Over the course of the past decade, the doyens of the left, Peter Dale Scott and Noam Chomsky, began to use the term "deep state" to refer to the relatively small number of Washington and Wall Street player who actually control America. Now former GOP congressional senior staff member, Mike Lofgren, has elaborated the concept.
In his 1961 farewell address, President Eisenhower famously warned:
[The] conjunction of an immense military establishment and a large arms industry is new in the American experience... In the councils of government, we must guard against the acquisition of unwarranted influence, whether sought or unsought, by the military-industrial complex.
For the past 50 years, American leftist writers have warned about the increasing influence of the military-industrial complex on foreign policy (e.g. the overthrow of governments in Iran and Nicaragua, the wars in Vietnam and Iraq) and domestic affairs (e.g. political assassinations, subversion of legitimate protest). Typically the mainstream media disparaged these iconoclastic tracts only to be proven wrong by diligent investigative reporters.
For years, FBI director J. Edgar Hoover was a stalwart of the U.S. deep state, regarded as a patriotic leader whose behavior was beyond reproach. Yet, Betty Medsger's recent book, The Burglary: The Discovery of J. Edgar Hoover's Secret FBI, explores the 1971 burglary of the FBI office in Media, Pennsylvania, and its consequences for public opinion of Hoover and the FBI. Eight anti-war protestors discovered that agents had infiltrated the civil rights and anti-war movements with the intent to "enhance the paranoia" and uncovered two secret programs. The first was a "security index" that named "more than 26,000... Americans considered potentially dangerous as spies or saboteurs if war or national insurrection developed." The second was COINTELPRO, a secret program that spied on civil-rights leaders, anti-war activists, and public critics of the F.B.I.
For most liberals, none of this should be surprising. Since the sixties, writers such as Peter Dale Scott and Noam Chomsky systematically unveiled the nefarious actions of the deep state. Now, Mike Lofgren expands the term,
[To] mean a hybrid association of elements of government and parts of top-level finance and industry that is effectively able to govern the United States. ... an ideology that is neither specifically Democrat nor Republican. Domestically, [proponents] believe in the "Washington Consensus": financialization, outsourcing, privatization, deregulation and the commodifying of labor. Internationally, they espouse 21st-century "American Exceptionalism": the right and duty of the United States to meddle in every region of the world with coercive diplomacy and boots on the ground and to ignore painfully won norms of civilized behavior... It is a hybrid of national security and law enforcement agencies: the Department of Defense, the Department of State, the Department of Homeland Security, the Central Intelligence Agency and the Justice Department. I also include the Department of the Treasury because of its jurisdiction over financial flows, its enforcement of international sanctions and its organic symbiosis with Wall Street. All these agencies are coordinated by the Executive Office of the President via the National Security Council.

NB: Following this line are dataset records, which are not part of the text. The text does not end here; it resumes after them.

Lemma gap_minorant_le_same_layer l j j' : (2 <= l)%nat -> (j < nl l)%nat -> (j' < j)%nat ->
  gap_minorant l j <= (zlj l j - zlj l j') * sin (INR j * theta l).
Proof.
  intros Hl Hj Hj'. pose proof (angle_range l j Hl ltac:(lia)). pose proof PI_RGT_0.
  assert (Hs : 0 <= sin (INR j * theta l)) by (apply sin_ge_0; lra).
  pose proof (delta_pos l Hl). pose proof (theta_pos l Hl).
  destruct (Nat.lt_ge_cases j (nl l - 1)) as [Hjn | Hjn].
  - rewrite gap_minorant_cot by assumption. unfold zlj.
    rewrite (proj2 (Nat.ltb_lt _ _) Hjn), (proj2 (Nat.ltb_lt j' (nl l - 1)) ltac:(lia)).
    assert (cos (INR j * theta l) <= cot (INR (j' + 1) * theta l) * sin (INR j * theta l)).
    { apply cos_le_cot_mul_sin; [| | lra].
      - apply Rmult_lt_0_compat; [apply lt_0_INR; lia | lra].
      - apply Rmult_le_compat_r; [lra | apply le_INR; lia]. }
    nra.
  - unfold gap_minorant. rewrite (proj2 (Nat.ltb_ge _ _) Hjn).
    pose proof (zlj_le1 l j' Hl). unfold zlj at 1. rewrite (proj2 (Nat.ltb_ge _ _) Hjn).
    apply Rmult_le_pos; lra.
Qed.

Section EvenLayerGaps.

Variable Q : nat -> nat -> R * R.

Hypothesis Q_even : forall l j, Nat.even l = true -> (2 <= l)%nat -> (j < nl l)%nat ->
  Q l j = qeven l j.

Hypothesis Q_odd_copies : forall l j, Nat.even l = false -> (2 <= l)%nat -> (j < nl l)%nat ->
  exists l' j', (2 <= l')%nat /\ (l' < l)%nat /\ (j' < nl l')%nat /\ Q l j = Q l' j'.

Lemma Q_bounded l j : (2 <= l)%nat -> (j < nl l)%nat ->
  fst (Q l j) <= zl l /\ snd (Q l j) <= 1.
Proof.
  revert j. induction l as [l IH] using (well_founded_induction Nat.lt_wf_0). intros j Hl Hj.
  destruct (Nat.even l) eqn:E.
  - rewrite Q_even by assumption. simpl. split; [lra | now apply zlj_le1].
  - destruct (Q_odd_copies l j E Hl Hj) as [l' [j' [Hl' [Hll' [Hj' ->]]]]].
    destruct (IH l' Hll' j' Hl' Hj'). pose proof (zl_le l' l ltac:(lia)). split; lra.
Qed.

Lemma gap_minorant_le_gap l j : Nat.even l = true -> (2 <= l)%nat -> (j < nl l)%nat ->
  gap_minorant l j <= gap Q l j.
Proof.
  intros E Hl Hj. unfold gap.
  replace (xv l j) with (cos (INR j * theta l), sin (INR j * theta l)) by (unfold xv; now rewrite E).
  rewrite Q_even by assumption. unfold qeven, dot. cbn [fst snd].
  apply fold_right_Rmin_ge.
  - pose proof (gap_minorant_le_prev_layer l j 0 0 Hl Hj (zl_ge0 _) ltac:(lra)). lra.
  - intros [l' j'] Hp. apply earlier_spec in Hp. cbn [fst snd] in *.
    destruct Hp as [[Hl' [Hll' Hj']] | [-> Hj']].
    + destruct (Q_bounded l' j' Hl' Hj').
      pose proof (zl_le l' (l - 1) ltac:(lia)).
      apply gap_minorant_le_prev_layer; auto; lra.
    + rewrite Q_even by (assumption || lia). unfold qeven. cbn [fst snd].
      pose proof (gap_minorant_le_same_layer l j j' Hl Hj Hj'). nra.
Qed.

End EvenLayerGaps.

Theorem corollary5p11 (Q : nat -> nat -> R * R)
  (Heven : forall l j, Nat.even l = true -> (2 <= l)%nat -> (j < nl l)%nat ->
     Q l j = qeven l j)
  (Hodd : forall l j, Nat.even l = false -> (2 <= l)%nat -> (j < nl l)%nat ->
     (exists l' j', (2 <= l')%nat /\ (l' < l)%nat /\ (j' < nl l')%nat /\
                    Q l j = Q l' j') /\
     (forall l' j', (2 <= l')%nat -> (l' < l)%nat -> (j' < nl l')%nat ->
        dot (xv l j) (Q l' j') <= dot (xv l j) (Q l j))) :
  forall l : nat, Nat.even l = true -> (2 < l)%nat ->
    sumR (fun j => gap Q l j) (nl l) >= delta l * ln (INR (nl l)) / 2.
Proof.
  intros l E Hl. apply Rle_ge.
  pose proof (nl_ge l ltac:(lia)). pose proof (delta_pos l ltac:(lia)).
  apply Rle_trans with (sumR (gap_minorant l) (nl l)).
  2: { apply sumR_le. intros j Hj. apply (gap_minorant_le_gap Q Heven); auto; [|lia].
       intros l' j' ? ? ?. now apply Hodd. }
  replace (nl l) with (S (nl l - 1)) at 2 by lia.
  rewrite sumR_S. unfold gap_minorant at 2. rewrite Nat.ltb_irrefl, Rplus_0_r.
  apply Rle_trans with (sumR (fun j => delta l / 2 * (1 / (INR j + 1))) (nl l - 1)).
  2: { apply sumR_le. intros j Hj. apply gap_minorant_ge; lia. }
  rewrite sumR_scal.
  pose proof (ln_le_harmonic (nl l - 1)) as Hh.
  replace (INR (nl l - 1) + 1) with (INR (nl l)) in Hh by (rewrite minus_INR by lia; simpl; lra).
  nra.
Qed.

Because of the recent revelations by Edward Snowden, the deep state has become a concern of the right as well as the left. In October, Wall Street Journal columnist Peggy Noonan, once President Reagan's speechwriter, wrote: "I have come to wonder if we don't have what amounts to a deep state within the outer state in the U.S. -- a deep state consisting of our intelligence and security agencies, which are so vast and far-flung in their efforts that they themselves don't fully know who's in charge and what everyone else is doing."
The central question is what we can do to thwart the deep state. Fortunately, there are several key areas where the left can find allies on the right. Both liberal Democrats (Ron Wyden) and Tea-Party Republicans (Rand Paul) deplore the National Security Agency's surveillance of the lives of average citizens. And both the far left and the far right believe that America's military establishment has grown too big and our philosophy of American exceptionalism is out of date. Further, both liberals and conservatives deplore the power of Wall Street banks and call for reforms.
And there are many opportunities for the left to move forward on its own, For example, the probable 2016 Democratic presidential candidate is Hillary Clinton. Unless pushed from the left, she's unlikely to mention the deep state or to move boldly on issues such as surveillance, outsourcing of jobs, and the demilitarization of foreign policy.
Mike Lofgren ends his deep-state essay on a hopeful note:
[In the US] there is now a deep but as yet inchoate hunger for change. What America lacks is a figure with the serene self-confidence to tell us that the twin idols of national security and corporate power are outworn dogmas that have nothing more to offer us. Thus disenthralled, the people themselves will unravel the Deep State with surprising speed.
The left needs new charismatic leadership.